May 2, 2013

The Nonprofit Quaterly: Nonprofits and State Tax Systems – The Big Picture

ITEP Work in Action

On Washington, D.C.’s Capitol Hill, charities have been involved in an all-consuming debate over the future of the federal charitable tax deduction. But can nonprofits effectively participate in the national debate over taxes and expenditures if they don’t know what is happening at the state level? There are fifty states with budgets that are paid for by taxes—fifty different states with fifty different mixes of tax rates, tax deductions, and tax credits. Understanding the mix of state tax regimes is crucial to nonprofit public-policy literacy.

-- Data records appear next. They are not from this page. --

Lemma distinct_pairs_enum (T : finType) (A : {set T}) (x0 : T) (P : T -> T -> bool) :
  (forall x y, P x y = P y x) ->
  [forall x in A, forall y in A, (x != y) ==> P x y] =
  [forall b : 'I_#|A|, forall a : 'I_b, P (nth x0 (enum A) a) (nth x0 (enum A) b)].
Proof.
move=> Psym; set s := enum A.
have size_s : size s = #|A| by rewrite cardE.
have nth_in a : a < #|A| -> nth x0 s a \in A by move=> ?; rewrite -mem_enum mem_nth ?size_s.
apply/forall_inP/forallP => [H b|H x xA].
  apply/forallP => a; have ab : a < b := ltn_ord a.
  have aA : a < #|A| := ltn_trans ab (ltn_ord b).
  move/forall_inP: (H _ (nth_in _ aA)) => /(_ _ (nth_in _ (ltn_ord b))) /implyP; apply.
  by rewrite nth_uniq ?size_s ?enum_uniq // (ltn_eqF ab).
apply/forall_inP => y yA; apply/implyP => neq_xy.
have idx z : z \in A -> index z s < #|A| /\ nth x0 s (index z s) = z.
  by move=> zA; rewrite -size_s index_mem nth_index mem_enum.
have [[ix ex] [iy ey]] := (idx x xA, idx y yA).
case: (ltngtP (index x s) (index y s)) => [lt_xy|lt_yx|eq_xy].
- by move/forallP: (H (Ordinal iy)) => /(_ (Ordinal lt_xy)); rewrite /= ex ey.
- by move/forallP: (H (Ordinal ix)) => /(_ (Ordinal lt_yx)); rewrite /= ex ey Psym.
- by move: neq_xy; rewrite -ex eq_xy ey eqxx.
Qed.

Local Open Scope R_scope.

Lemma sum_le (X : Type) (r : seq X) (P : pred X) (F G : X -> R) :
  (forall x, P x -> F x <= G x) ->
  \big[Rplus/0]_(x <- r | P x) F x <= \big[Rplus/0]_(x <- r | P x) G x.
Proof. by move=> FG; apply: (big_ind2 (fun a b => a <= b)) => // *; lra. Qed.

Lemma sum_ge0 (X : Type) (r : seq X) (P : pred X) (F : X -> R) :
  (forall x, P x -> 0 <= F x) -> 0 <= \big[Rplus/0]_(x <- r | P x) F x.
Proof. by move=> F0; apply: (big_ind (fun a => 0 <= a)) => // *; lra. Qed.

Lemma sum_scal (X : Type) (r : seq X) (P : pred X) (F : X -> R) a :
  a * \big[Rplus/0]_(x <- r | P x) F x = \big[Rplus/0]_(x <- r | P x) (a * F x).
Proof.
apply: (big_ind2 (fun u v => a * u = v)) => [|x1 x2 y1 y2 <- <-|] //; ring.
Qed.

Lemma prod_ge0 (X : Type) (r : seq X) (P : pred X) (F : X -> R) :
  (forall x, P x -> 0 <= F x) -> 0 <= \big[Rmult/1]_(x <- r | P x) F x.
Proof. by move=> F0; apply: (big_ind (fun a => 0 <= a)) => // *; nra. Qed.

Lemma prod_abs_le1 (X : Type) (r : seq X) (P : pred X) (F : X -> R) :
  (forall x, P x -> Rabs (F x) <= 1) -> Rabs (\big[Rmult/1]_(x <- r | P x) F x) <= 1.
Proof.
move=> F1; apply: (big_ind (fun a => Rabs a <= 1)) => //; first by rewrite Rabs_R1; lra.
move=> a b Ha Hb; rewrite Rabs_mult; have := Rabs_pos a; have := Rabs_pos b; nra.
Qed.

Lemma term_le_sum (T : finType) (F : T -> R) (y : T) :
  (forall x, 0 <= F x) -> F y <= \big[Rplus/0]_(x : T) F x.
Proof.
move=> F0; rewrite (bigD1 y) //=.
have : 0 <= \big[Rplus/0]_(x | x != y) F x by apply: sum_ge0.
lra.
Qed.

Lemma prod_indicator (T : finType) (P b : pred T) :
  \big[Rmult/1]_(x | P x) (if b x then 1 else 0) =
  if [forall x, P x ==> b x] then 1 else 0.
Proof.
case: forallP => [Pb|/forallP/forallPn [x]].
  by apply: big1 => x Px; move/implyP: (Pb x) => /(_ Px) ->.
by rewrite negb_imply => /andP [Px /negbTE bx]; rewrite (bigD1 x) //= bx Rmult_0_l.
Qed.

Lemma indicator_andb (a b : bool) :
  (if a then 1 else 0) * (if b then 1 else 0) = if a && b then 1 else 0.
Proof. by case: a; case: b => /=; ring. Qed.

Lemma sum_const1 (T : finType) : \big[Rplus/0]_(e : T) 1 = INR #|T|.
Proof.
rewrite big_const; elim: #|T| => [|k IH] //.
by rewrite iterS IH S_INR; ring.
Qed.

Lemma sq_le1 z : Rabs z <= 1 -> z ^ 2 <= 1.
Proof. by move=> z1; rewrite -pow2_abs; have := Rabs_pos z; nra. Qed.

Lemma infnorm_ge0 m (v : 'I_m -> R) : 0 <= infnorm v.
Proof.
apply: (big_ind (fun z => 0 <= z)) => [|a b a0 _|j _]; [lra | | exact: Rabs_pos].
exact: Rle_trans a0 (Rmax_l _ _).
Qed.

Lemma big_Rmax_ge (X : eqType) (r : seq X) (F : X -> R) a :
  a \in r -> F a <= \big[Rmax/0]_(j <- r) F j.
Proof.
elim: r => [//|t r IH]; rewrite inE big_cons => /orP [/eqP ->|ar].
  exact: Rmax_l.
exact: Rle_trans (IH ar) (Rmax_r _ _).
Qed.

Lemma infnorm_ge m (v : 'I_m -> R) a : Rabs (v a) <= infnorm v.
Proof. exact: (big_Rmax_ge (fun j => Rabs (v j)) (mem_index_enum a)). Qed.

Lemma Rsup_lub (E : R -> Prop) : bound E -> (exists x, E x) -> is_lub E (Rsup E).
Proof.
rewrite /Rsup => Eb Ene; case: excluded_middle_informative => [H|[]] //.
by case: completeness.
Qed.

Definition sgn (b : bool) : R := if b then 1 else -1.
Definition zcol w : 'cV[R]_N := col_mx 1 w.

Lemma zcol_i0 w : zcol w i0 0 = 1.
Proof. by rewrite col_mxEu mxE. Qed.

Lemma zcol_ix w i : zcol w (ix i) 0 = w (lshift ny i) 0.
Proof. by rewrite col_mxEd. Qed.

Lemma continuous_zcol b : continuous (fun w => zcol w b 0).
Proof.
rewrite -(splitK b); case: (fintype.split b) => [j | k] /=.
- have -> : (fun w => zcol w (lshift _ j) 0) = fun=> (1 : 'cV[R]_1) j 0.
    by apply/funext => w; rewrite col_mxEu.
  by move=> w; exact: cst_continuous.
- have -> : (fun w => zcol w (rshift 1 k) 0) = fun w => w k 0.
    by apply/funext => w; rewrite col_mxEd.
  exact: coord_continuous.
Qed.

Lemma continuous_frob_zcol C :
  continuous (fun w => frob C (zcol w *m (zcol w)^T)).
Proof.
rewrite (_ : (fun w => _) = fun w => \sum_a \sum_b C a b * (zcol w a 0 * zcol w b 0)).
  apply: continuous_sum => a; apply: continuous_sum => b w.
  apply: (@continuousM R _ (fun=> C a b) (fun w => zcol w a 0 * zcol w b 0)).
    exact: cst_continuous.
  by apply: (@continuousM R _ (fun w => zcol w a 0) (fun w => zcol w b 0));
    exact: continuous_zcol.
apply/funext => w; rewrite frobE; apply: eq_bigr => a _.
by apply: eq_bigr => b _; rewrite outerE.
Qed.

Lemma GF_frob_ge F C c :
  (forall w, F w -> c <= frob C (zcol w *m (zcol w)^T)) ->
  forall P, GF F P -> c <= frob C P.
Proof. by move=> FC; apply: closure_conv_hull_frob_ge => _ [x [y [Fxy ->]]]; exact: FC. Qed.

Lemma GF_frob_eq F C c :
  (forall w, F w -> frob C (zcol w *m (zcol w)^T) = c) ->
  forall P, GF F P -> frob C P = c.
Proof. by move=> FC; apply: closure_conv_hull_frob_eq => _ [x [y [Fxy ->]]]; exact: FC. Qed.

Lemma GF_corner F P : GF F P -> P i0 i0 = 1.
Proof.
rewrite -frob_delta; apply: GF_frob_eq => w _.
by rewrite frob_delta outerE zcol_i0 mulr1.
Qed.

Lemma GF_sym F P : GF F P -> P^T = P.
Proof.
move=> GFP; apply/matrixP => a b; rewrite mxE; apply/eqP; rewrite -subr_eq0.
rewrite -!frob_delta -frobNl -frobDl; apply/eqP; move: GFP; apply: GF_frob_eq => w _.
by rewrite frobDl frobNl !frob_delta !outerE mulrC subrr.
Qed.

Lemma GF_psd F P v : GF F P -> 0 <= qform P v.
Proof.
rewrite -frob_outer; apply: GF_frob_ge => w _.
by rewrite frob_outer qform_outer sqr_ge0.
Qed.

Lemma GF_qform_ediff_ix F P x i : GF F P -> xblk P = x ->
  Xblk P i i = x i 0 * x i 0 -> qform P (ediff (ix i) i0 (x i 0)) = 0.
Proof.
move=> GFP Px PX; have Pi0 : P (ix i) i0 = x i 0 by rewrite -xblkE Px.
have P0i : P i0 (ix i) = x i 0 by rewrite -[P](GF_sym GFP) mxE.
by rewrite qform_ediff -XblkE PX Pi0 P0i (GF_corner GFP); ring.
Qed.

Lemma GF_col_ix F P x : GF F P -> xblk P = x ->
  (forall i, Xblk P i i = x i 0 * x i 0) ->
  forall b i, P b (ix i) = x i 0 * P b i0.
Proof.
move=> GFP Px PX b i; apply/eqP; rewrite -subr_eq0 -(mulmx_ediff P).
have Pdev0 : P *m ediff (ix i) i0 (x i 0) = 0.
  apply: sym_psd_mulmx_eq0 (GF_sym GFP) (fun v => GF_psd v GFP) _.
  exact: GF_qform_ediff_ix GFP Px (PX i).
by rewrite Pdev0 mxE.
Qed.

Lemma G1d_sub_G2 F x : G1d F x `<=` G2 F x.
Proof.
move=> P [GFP [Px PX]]; split => //; split => //; split; apply/matrixP => a b.
  by rewrite XblkE (GF_col_ix GFP Px PX) -xblkE Px outerE mulrC.
by rewrite ZblkE (GF_col_ix GFP Px PX) -yblkE !mxE big_ord1 !mxE mulrC.
Qed.

Lemma zvec_outer_G1 F x y : F (col_mx x y) -> G1 F x (zvec x y *m (zvec x y)^T).
Proof.
move=> Fxy; split; [|split].
- apply: subset_closure; exists 1%N, (fun=> 1), (fun=> zvec x y *m (zvec x y)^T).
  rewrite !big_ord1 scale1r; split; first by move=> _; exact: ler01.
  by do !split => //; exists x, y.
- by apply/colP => i; rewrite xblkE outerE zcol_ix zcol_i0 col_mxEu mulr1.
- by apply/matrixP => i j; rewrite XblkE !outerE !zcol_ix !col_mxEu.
Qed.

There is no one definitive reference source for nonprofits on the impact of state tax climates on the sector. Unlike at the federal level, at the state level there is a panoply of tax policies that both directly and indirectly affect donations to public charities. While there is one federal income tax rate, there are wide variations among the states regarding their marginal rates, with a handful of states having no income taxes at all. And some states offer individuals and corporations tax credits, not just tax deductions, to incentivize contributions to the nonprofit sector.

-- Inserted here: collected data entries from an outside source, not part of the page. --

(* Let $\mathcal{D}$ be the class of all finite digraphs and let $D\in\mathcal{D}$. The class $\mathrm{Av}(D)=\{E\in\mathcal{D}: D\not\preceq E\}$, with respect to the strong homomorphic image ordering $\preceq$, is well quasi-ordered if and only if $D$ is isomorphic to the complete digraph $\overrightarrow{K}_n$ for some $n\ge1$.
   Context: A digraph is a set $D$ with a binary relation $E(D)\subseteq D\times D$ (loops allowed). $\overrightarrow{K}_n$ is the digraph on $\{1,\dots,n\}$ with edge set $\{(i,j):1\le i,j\le n\}$ (all ordered pairs, including loops). A homomorphism maps edges to edges; it is strong if additionally every edge of the target between vertices of the image is the image of an edge. Strong homomorphic image ordering: $A\preceq B$ iff there is a surjective strong homomorphism $B\to A$. Well quasi-ordered means no infinite strictly decreasing sequence and no infinite antichain; digraphs considered up to isomorphism. *)

From mathcomp Require Import all_boot.
Set Implicit Arguments. Unset Strict Implicit. Unset Printing Implicit Defensive.

(* A finite digraph: vertex set {0,..,n-1} (any finite set up to relabelling),
   edge relation E (loops allowed). *)
Record digraph := Digraph { dg_n : nat; dg_E : rel 'I_dg_n }.

Definition vert (D : digraph) := 'I_(dg_n D).

Definition is_hom (B A : digraph) (f : vert B -> vert A) : Prop :=
  forall x y, dg_E x y -> dg_E (f x) (f y).

Definition is_strong_hom (B A : digraph) (f : vert B -> vert A) : Prop :=
  is_hom f /\
  forall x y : vert B, dg_E (f x) (f y) ->
    exists x' y' : vert B, [/\ f x' = f x, f y' = f y & dg_E x' y'].

Definition shi_le (A B : digraph) : Prop :=
  exists f : vert B -> vert A,
    is_strong_hom f /\ (forall a : vert A, exists b : vert B, f b = a).

Definition dg_iso (A B : digraph) : Prop :=
  exists f : vert A -> vert B, bijective f /\
    forall x y, dg_E x y = dg_E (f x) (f y).

Definition complete_digraph (n : nat) : digraph := @Digraph n (fun _ _ => true).

Definition Av (D : digraph) : digraph -> Prop := fun E => ~ shi_le D E.

Definition wqo_class (C : digraph -> Prop) : Prop :=
  (~ exists s : nat -> digraph, (forall i, C (s i)) /\
       forall i, shi_le (s i.+1) (s i) /\ ~ shi_le (s i) (s i.+1)) /\
  (~ exists s : nat -> digraph, (forall i, C (s i)) /\
       forall i j, i <> j -> ~ shi_le (s i) (s j)).

From mathcomp Require Import all_boot zify.
From Stdlib Require Import Classical Wf_nat.
Set Implicit Arguments. Unset Strict Implicit. Unset Printing Implicit Defensive.

(* If D is not a nonempty complete digraph, complements of directed paths form
   an infinite antichain in Av(D): a surjective homomorphism between two of
   them must pull each non-edge (x, x+1) back to a non-edge, which forces it
   to be injective.  Loops are kept when D is empty or has a loopless vertex,
   and dropped when D is reflexive.

   Conversely let D = K_d.  Strong images have at most as many vertices, and
   an equal-size one is an isomorphism, so there is no infinite descending
   chain.  A matching with d^2 edges has K_d as a strong image, so every E in
   Av(K_d) has a set C of fewer than 2d^2 vertices covering all its non-loop
   edges.  Such an E is determined by the digraph induced on C and by the
   number of vertices outside C of each type (loop bit, in- and out-neighbours
   in C).  By Dickson's lemma any sequence in Av(K_d) has i < j with the same
   data on C, the same types present, and at least as many vertices of each
   type in E_j; collapsing the surplus vertices of E_j onto E_i is then a
   surjective strong homomorphism. *)

Lemma surj_section (A B : finType) (f : B -> A) :
  (forall a, exists b, f b = a) -> exists g : A -> B, cancel g f.
Proof.
move=> f_surj; have ex_pre a : exists b, f b == a.
  by have [b <-] := f_surj a; exists b.
by exists (fun a => xchoose (ex_pre a)) => a; apply/eqP/(xchooseP (ex_pre a)).
Qed.

Lemma shi_le_card (A B : digraph) : shi_le A B -> dg_n A <= dg_n B.
Proof.
move=> [f [_ /surj_section[g /can_inj g_inj]]].
by have := leq_card g g_inj; rewrite !card_ord.
Qed.

Lemma shi_le_eq_card_sym (A B : digraph) :
  shi_le A B -> dg_n A = dg_n B -> shi_le B A.
Proof.
move=> [f [[f_hom f_strong] /surj_section[g gK]]] eq_n.
have g_bij : bijective g.
  by apply: inj_card_bij (can_inj gK) _; rewrite !card_ord eq_n.
have fK : cancel f g by apply/(bij_can_sym g_bij).
exists g; split; last by move=> b; exists (f b).
split=> [x y Exy | x y Egxy].
- have /f_strong[x' [y' [fx' fy' Exy']]] : dg_E (f (g x)) (f (g y)) by rewrite !gK.
  by rewrite -(can_inj fK fx') -(can_inj fK fy').
- by exists x, y; split=> //; have := f_hom _ _ Egxy; rewrite !gK.
Qed.

Lemma no_descending_chain (C : digraph -> Prop) :
  ~ exists s : nat -> digraph, (forall i, C (s i)) /\
      forall i, shi_le (s i.+1) (s i) /\ ~ shi_le (s i) (s i.+1).
Proof.
move=> [s [_ desc]].
have size_lt i : dg_n (s i.+1) < dg_n (s i).
  have [le_i nle_i] := desc i; rewrite ltn_neqAle shi_le_card // andbT.
  by apply/eqP => eq_n; apply: nle_i; apply: shi_le_eq_card_sym.
have size_bound i : dg_n (s i) + i <= dg_n (s 0).
  by elim: i => [|i IH]; rewrite ?addn0 // addnS; apply: leq_trans IH; rewrite ltn_add2r.
by have := size_bound (dg_n (s 0)).+1; lia.
Qed.

(* The complement of the directed path 0 -> 1 -> ... -> k+1. *)
Definition copath (loops : bool) (k : nat) : digraph :=
  @Digraph k.+2 (fun x y => (val y != (val x).+1) && (loops || (x != y))).

Lemma copath_hom_nonedge loops k (A : digraph) (f : vert (copath loops k) -> vert A) u v :
  is_hom f -> f u != f v -> ~~ dg_E (f u) (f v) -> val v = (val u).+1.
Proof.
move=> f_hom fu_neq_fv; apply: contraNeq => v_nsucc; apply: f_hom.
have u_neq_v : u != v by apply: contraNneq fu_neq_fv => ->.
by rewrite /= v_nsucc u_neq_v orbT.
Qed.

Lemma copath_succ_nonedge loops k (x y : vert (copath loops k)) :
  val y = (val x).+1 -> (x != y) && ~~ dg_E x y.
Proof.
move=> y_succ; rewrite /= y_succ eqxx /= andbT.
by apply/eqP => /(congr1 val); rewrite y_succ => /n_Sn.
Qed.

Lemma copath_surj_hom_inj loops i j (f : vert (copath loops j) -> vert (copath loops i)) :
  is_hom f -> (forall a, exists b, f b = a) -> injective f.
Proof.
move=> f_hom f_surj x y fx_eq_fy.
have succ_of_pre u v : val (f v) = (val (f u)).+1 -> val v = (val u).+1.
  move=> fv_succ; have /andP[ne nE] := copath_succ_nonedge fv_succ.
  exact: (copath_hom_nonedge f_hom ne nE).
apply: val_inj; case: (ltnP (val (f x)).+1 i.+2) => [lt_succ | ge_succ].
- have [z fz] := f_surj (Ordinal lt_succ).
  have zx : val z = (val x).+1 by apply: succ_of_pre; rewrite fz.
  have zy : val z = (val y).+1 by apply: succ_of_pre; rewrite fz -fx_eq_fy.
  by apply: succn_inj; rewrite -zx -zy.
- have fx_pos : 0 < val (f x) by move: ge_succ; rewrite ltnS; apply: leq_trans.
  have lt_pred : (val (f x)).-1 < i.+2 := leq_ltn_trans (leq_pred _) (ltn_ord _).
  have [z fz] := f_surj (Ordinal lt_pred).
  have xz : val x = (val z).+1 by apply: succ_of_pre; rewrite fz /= prednK.
  have yz : val y = (val z).+1 by apply: succ_of_pre; rewrite fz -fx_eq_fy /= prednK.
  by rewrite xz yz.
Qed.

Overall, states differ in their willingness to use their tax powers to promote policy objectives for nonprofits and the communities they serve. Unlike the microscopic attention nonprofits pay to federal tax policy issues, there is much less understanding of the complexities of state tax policies. Are nonprofits conscious of the differing tax climates affecting citizens and communities in the various states? How can nonprofits better grasp state attitudes toward taxes in order to craft effective state tax advocacy strategies?